0x0083dbac ... . 0x0083dbb0 0c ... //12
Contact above, we can learn that the change of address point to the content is B1 and B2 class to Class A data offset.
Finally we can get the data distribution:
three. Virtual inheritance with imaginary functions
Class B1
{public
:
B1 (): B1 (1) {}
virtual void fun1 () {}
virtual void fun2 () {}
private:
int b1;
};
Class B2
{public
:
B2 (): B2 (2) {}
virtual void Fun3 () {}
virtual void Fun4 () {}
private:
int b2;
};
Class A:p ublic B1, public B2
{public
:
A (): B1 (), B2 (), a (3) {}
void Fun1 () {};
void Fun2 () {};
void Fun3 () {};
virtual void Fun5 () {};
Private:
int A;
};
int main ()
{
A F1;
Cout<<sizeof (F1);//20 return
0;
}For a virtual table, see my previous blog.

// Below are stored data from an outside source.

Lemma conic_den11_neq0 a b t s : conic a b t s -> a != 0 -> b != 0 -> a != b ->
  s != 1 -> a * (t - 1) ^+ 2 != b * (s - 1) ^+ 2.
Proof.
move=> Q a0 b0 ab s1; apply/eqP => den0.
have : 2 * a * (t - 1) * (t - s) = 0.
  transitivity ((a * (t - 1) ^+ 2 - b * (s - 1) ^+ 2) * (s + 1)
    - (s - 1) * (a * (t ^+ 2 - 1) - b * (s ^+ 2 - 1))); first by ring.
  by rewrite den0 Q !subrr mul0r mulr0 subrr.
move/eqP; rewrite !mulf_eq0 pnatr_eq0 (negbTE a0) /= !subr_eq0 => /orP[/eqP t1 | /eqP ts].
  move: den0; rewrite t1 subrr expr0n mulr0 => /esym/eqP.
  by rewrite mulf_eq0 (negbTE b0) expf_eq0 subr_eq0 (negbTE s1) andbF.
move/eqP: den0; rewrite ts -subr_eq0 -mulrBl mulf_eq0 subr_eq0 (negbTE ab).
by rewrite expf_eq0 subr_eq0 (negbTE s1) andbF.
Qed.

(* The only point out of reach of the charts centred at [(+-1, +-1)] is the
   double point [(0, 0)] of the line pair [t^2 = s^2] (the case [a = b]). *)
Lemma conic_chart_exists a b t s : conic a b t s -> (a != 0) || (b != 0) ->
  (a != b) || (t != 0) ->
  exists e1 e2 : K, [/\ e1 ^+ 2 = 1, e2 ^+ 2 = 1, s != e2
                      & a * (t - e1) ^+ 2 != b * (s - e2) ^+ 2].
Proof.
move=> Q ab0 abt; have [e2 [e2_sign se2]] := sign_neq s.
have [a0|a0] := eqVneq a 0.
  exists 1, e2; split; rewrite ?expr1n // a0 mul0r eq_sym.
  by rewrite mulf_neq0 ?expf_neq0 ?subr_eq0 //; move: ab0; rewrite a0 eqxx.
have [t0|t0] := eqVneq t 0; last first.
  have : a * (t - 1) ^+ 2 != a * (t - -1) ^+ 2.
    rewrite -subr_eq0; have -> : a * (t - 1) ^+ 2 - a * (t - -1) ^+ 2 = - (4%:R * a * t) by ring.
    by rewrite oppr_eq0 !mulf_neq0 // pnatr_eq0.
  case/(neq_or (b * (s - e2) ^+ 2)) => [den|den].
    by exists 1, e2; rewrite expr1n.
  by exists (-1), e2; rewrite sqrrN expr1n.
rewrite t0 eqxx orbF in abt.
move: Q; rewrite /conic t0 expr0n sub0r mulrN1 => Q.
have s_sign : s ^+ 2 - 1 != 0.
  by apply: contra_neq a0 => s2; apply/eqP; rewrite -oppr_eq0 Q s2 mulr0.
have b0 : b != 0 by apply: contra_neq a0 => b0; apply/eqP; rewrite -oppr_eq0 Q b0 mul0r.
have s0 : s != 0.
  by apply: contra_neq abt => s0; rewrite -[a]opprK Q s0 expr0n sub0r mulrN1 opprK.
have : b * (s - 1) ^+ 2 != b * (s - -1) ^+ 2.
  rewrite -subr_eq0; have -> : b * (s - 1) ^+ 2 - b * (s - -1) ^+ 2 = - (4%:R * b * s) by ring.
  by rewrite oppr_eq0 !mulf_neq0 // pnatr_eq0.
case/(neq_or a) => den; rewrite eq_sym in den; [exists 1, 1 | exists 1, (-1)];
  rewrite sub0r sqrrN ?sqrrN !expr1n mulr1; split => //;
  by apply: contraNneq s_sign => ->; rewrite ?sqrrN expr1n subrr.
Qed.

End ConicChartExistence.

Section CurvesInFourSpace.
Variable K : numFieldType.
Implicit Types (a b c d mm zz ww G : {poly K}) (p : {mpoly K[4]}).

Lemma meval_vec4_polycurve_eq0 p a b c d G l0 : G != 0 ->
  (forall l, G.[l] != 0 -> p.@[vec4 a.[l] b.[l] c.[l] d.[l]] = 0) ->
  p.@[vec4 a.[l0] b.[l0] c.[l0] d.[l0]] = 0.
Proof.
have E l : (fun i => (vec4 a b c d i).[l]) =1 vec4 a.[l] b.[l] c.[l] d.[l].
  by move=> -[[|[|[|[|i]]]] Hi].
move=> nz_G p0; rewrite -(meval_eq p (E l0)).
by apply: meval_polycurve_eq0 nz_G _ => l Gl; rewrite (meval_eq p (E l)) p0.
Qed.

Definition chart_pt (a b e1 e2 m z w : K) : 'I_4 -> K :=
  vec4 (e1 + m * chart_u a b e1 e2 m) (e2 + chart_u a b e1 e2 m) z w.

Lemma chart_pt_at (a b t s z w e1 e2 : K) : conic a b t s ->
  e1 ^+ 2 = 1 -> e2 ^+ 2 = 1 -> s != e2 -> a * (t - e1) ^+ 2 != b * (s - e2) ^+ 2 ->
  chart_pt a b e1 e2 ((t - e1) / (s - e2)) z w = vec4 t s z w.
Proof.
move=> Q e1_sign e2_sign se2 den; rewrite /chart_pt chart_u_at //.
by rewrite mulfVK ?subr_eq0 // [e1 + _]addrC [e2 + _]addrC !subrK.
Qed.

Lemma chart_curve_eq0 p a b mm zz ww G (e1 e2 l0 : K) :
  G != 0 -> a.[l0] * mm.[l0] ^+ 2 != b.[l0] ->
  (forall l, a.[l] * mm.[l] ^+ 2 != b.[l] -> G.[l] != 0 ->
     p.@[chart_pt a.[l] b.[l] e1 e2 mm.[l] zz.[l] ww.[l]] = 0) ->
  p.@[chart_pt a.[l0] b.[l0] e1 e2 mm.[l0] zz.[l0] ww.[l0]] = 0.
Proof.
pose D := a * mm ^+ 2 - b; pose U := 2%:P * (b * e2%:P - a * e1%:P * mm).
have DE l : D.[l] = a.[l] * mm.[l] ^+ 2 - b.[l] by rewrite /D !horner_evalE.
have UE l : U.[l] = 2 * (b.[l] * e2 - a.[l] * e1 * mm.[l]) by rewrite /U !horner_evalE.
clearbody D U; pose N := vec4 (e1%:P * D + mm * U) (e2%:P * D + U) (zz * D) (ww * D).
have NE l : a.[l] * mm.[l] ^+ 2 != b.[l] ->
    (fun i => (N i).[l] / D.[l]) =1 chart_pt a.[l] b.[l] e1 e2 mm.[l] zz.[l] ww.[l].
  rewrite -subr_eq0 -DE => Dl -[[|[|[|[|i]]]] Hi] //=;
    by rewrite !horner_evalE /chart_pt /vec4 /= /chart_u -?DE -?UE; field.
move=> nz_G den0 p0; rewrite -(meval_eq p (NE _ den0)).
apply: meval_curve_eq0 nz_G _ => [|l Dl Gl]; first by rewrite DE subr_eq0.
by rewrite (meval_eq p (NE l _)) ?p0 // -subr_eq0 -DE.
Qed.

Definition chart_s1_num a b mm (e1 e2 : K) : {poly K} :=
  (e2 - 1)%:P * (a * mm ^+ 2 - b) + 2%:P * (b * e2%:P - a * e1%:P * mm).

Lemma chart_s1_numE a b mm (e1 e2 l : K) : a.[l] * mm.[l] ^+ 2 != b.[l] ->
  (chart_s1_num a b mm e1 e2).[l] =
    (e2 + chart_u a.[l] b.[l] e1 e2 mm.[l] - 1) * (a.[l] * mm.[l] ^+ 2 - b.[l]).
Proof.
by rewrite -subr_eq0 => den; rewrite /chart_s1_num /chart_u !horner_evalE; field.
Qed.

End CurvesInFourSpace.

Section Density.
Variable K : numFieldType.
Variable p : {mpoly K[4]}.
Implicit Types t s z w : K.

Hypothesis p_vanish_generic : forall t s z w,
  conic (w ^+ 3 - 1) (z ^+ 3 - 1) t s -> s != 1 ->
  (w ^+ 3 - 1) * (t - 1) ^+ 2 != (z ^+ 3 - 1) * (s - 1) ^+ 2 ->
  p.@[vec4 t s z w] = 0.

Lemma vanish_chart_generic (z w m e1 e2 : K) :
  e1 ^+ 2 = 1 -> e2 ^+ 2 = 1 -> w ^+ 3 - 1 != 0 -> z ^+ 3 - 1 != 0 ->
  w ^+ 3 - 1 != z ^+ 3 - 1 -> (w ^+ 3 - 1) * m ^+ 2 != z ^+ 3 - 1 ->
  e2 + chart_u (w ^+ 3 - 1) (z ^+ 3 - 1) e1 e2 m != 1 ->
  p.@[chart_pt (w ^+ 3 - 1) (z ^+ 3 - 1) e1 e2 m z w] = 0.
Proof.
move=> e1_sign e2_sign a0 b0 ab den s1; have Q := conic_chart e1_sign e2_sign den.
by apply: p_vanish_generic => //; apply: conic_den11_neq0.
Qed.

Lemma vanish_chart_along (zz ww : {poly K}) t s (e1 e2 : K) :
  ww ^+ 3 - 1 != 0 -> zz ^+ 3 - 1 != 0 -> ww ^+ 3 - 1 != zz ^+ 3 - 1 ->
  conic (ww.[0] ^+ 3 - 1) (zz.[0] ^+ 3 - 1) t s ->
  e1 ^+ 2 = 1 -> e2 ^+ 2 = 1 -> s != e2 ->
  (ww.[0] ^+ 3 - 1) * (t - e1) ^+ 2 != (zz.[0] ^+ 3 - 1) * (s - e2) ^+ 2 ->
  p.@[vec4 t s zz.[0] ww.[0]] = 0.
Proof.
set a := ww ^+ 3 - 1; set b := zz ^+ 3 - 1.
have aE l : a.[l] = ww.[l] ^+ 3 - 1 by rewrite /a !horner_evalE.
have bE l : b.[l] = zz.[l] ^+ 3 - 1 by rewrite /b !horner_evalE.
clearbody a b.
rewrite -!aE -!bE => a0 b0 ab Q e1_sign e2_sign se2 den.
(* A varying slope keeps the curve off [s = 1] even when it starts there. *)
pose m0 := (t - e1) / (s - e2); pose mm := m0%:P + 'X.
have mmE l : mm.[l] = m0 + l by rewrite /mm !horner_evalE.
have nz_mm : mm != 0 by apply: (@poly_neq0_at _ _ (1 - m0)); rewrite mmE addrC subrK oner_eq0.
have nz_mme : mm + e1%:P != 0.
  apply: (@poly_neq0_at _ _ (- m0)); rewrite hornerD mmE hornerC addrN add0r.
  by apply/eqP => e10; move: e1_sign; rewrite e10 expr0n => /eqP; rewrite eq_sym oner_eq0.
clearbody mm.
have den0 : a.[0] * mm.[0] ^+ 2 != b.[0] by rewrite mmE addr0 chart_slope_den_neq0.
have mm0 : mm.[0] = m0 by rewrite mmE addr0.
pose S := chart_s1_num a b mm e1 e2.
have nz_S : S != 0.
  have [s1|s1] := eqVneq s 1.
    have e2m1 : e2 = -1.
      move/eqP: e2_sign; rewrite sqrf_eq1 => /orP[/eqP e21|/eqP //].
      by move: se2; rewrite s1 e21 eqxx.
    have -> : S = (- 2)%:P * (a * mm * (mm + e1%:P)).
      by rewrite /S /chart_s1_num e2m1 !(polyCB, polyCN, polyC1) polyC_natr; ring.
    by rewrite !mulf_neq0 // polyC_eq0 oppr_eq0 pnatr_eq0.
  apply: (@poly_neq0_at _ _ 0); rewrite chart_s1_numE // mm0 chart_u_at // [e2 + _]addrC subrK.
  by rewrite mulf_neq0 ?subr_eq0 // -mm0.
have -> : vec4 t s zz.[0] ww.[0] = chart_pt a.[0] b.[0] e1 e2 mm.[0] zz.[0] ww.[0].
  by rewrite mm0 chart_pt_at.
apply: (@chart_curve_eq0 _ _ _ _ _ _ _ (a * b * (a - b) * S)) => //.
  by rewrite !mulf_neq0 ?subr_eq0.
move=> l den_l; rewrite !hornerM !mulf_eq0 !negb_or hornerD hornerN subr_eq0.
move=> /andP[/andP[/andP[al bl] abl] Sl].
have sl1 : e2 + chart_u a.[l] b.[l] e1 e2 mm.[l] != 1.
  by apply: contraNneq Sl => sl1; rewrite chart_s1_numE // sl1 subrr mul0r.
by move: al bl abl den_l sl1; rewrite !aE !bE => *; apply: vanish_chart_generic.
Qed.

As the code indicates, the inheritance relationship is as follows:
Here you can guess what the object space is
Go to Memory:
0X00FBFDDC cc 0f ??.. Virtual table address 0x00fbfde0 ... //class B1 member variable B1 0x00fbfde4 a4 cc 0f ??.. Virtual table address 0x00fbfde8 ... ///class B2 member variable B2 0x00fbfdec ...//member variable A of Class A
So what are the functions in the virtual table that the first virtual table pointer points to, and what are the functions in the second virtual table?
Let's go to the virtual table together:
First virtual table
0X000FCC90 0f //a::fun1 () 0x000fcc94 de 0f ?...//a::fun2 () 0x000fcc98 0f e...//a::fun5 () 0x000fcc9c ... ..
By running these three functions, we can know that a::fun1 (), a::fun2 (), A::fun5 ()
Second virtual table
0X000FCCA4 ff 0f ... //a::fun3 () 0x000fcca8 ca 0f ?...//b2::fun4 () 0X000FCCAC ... .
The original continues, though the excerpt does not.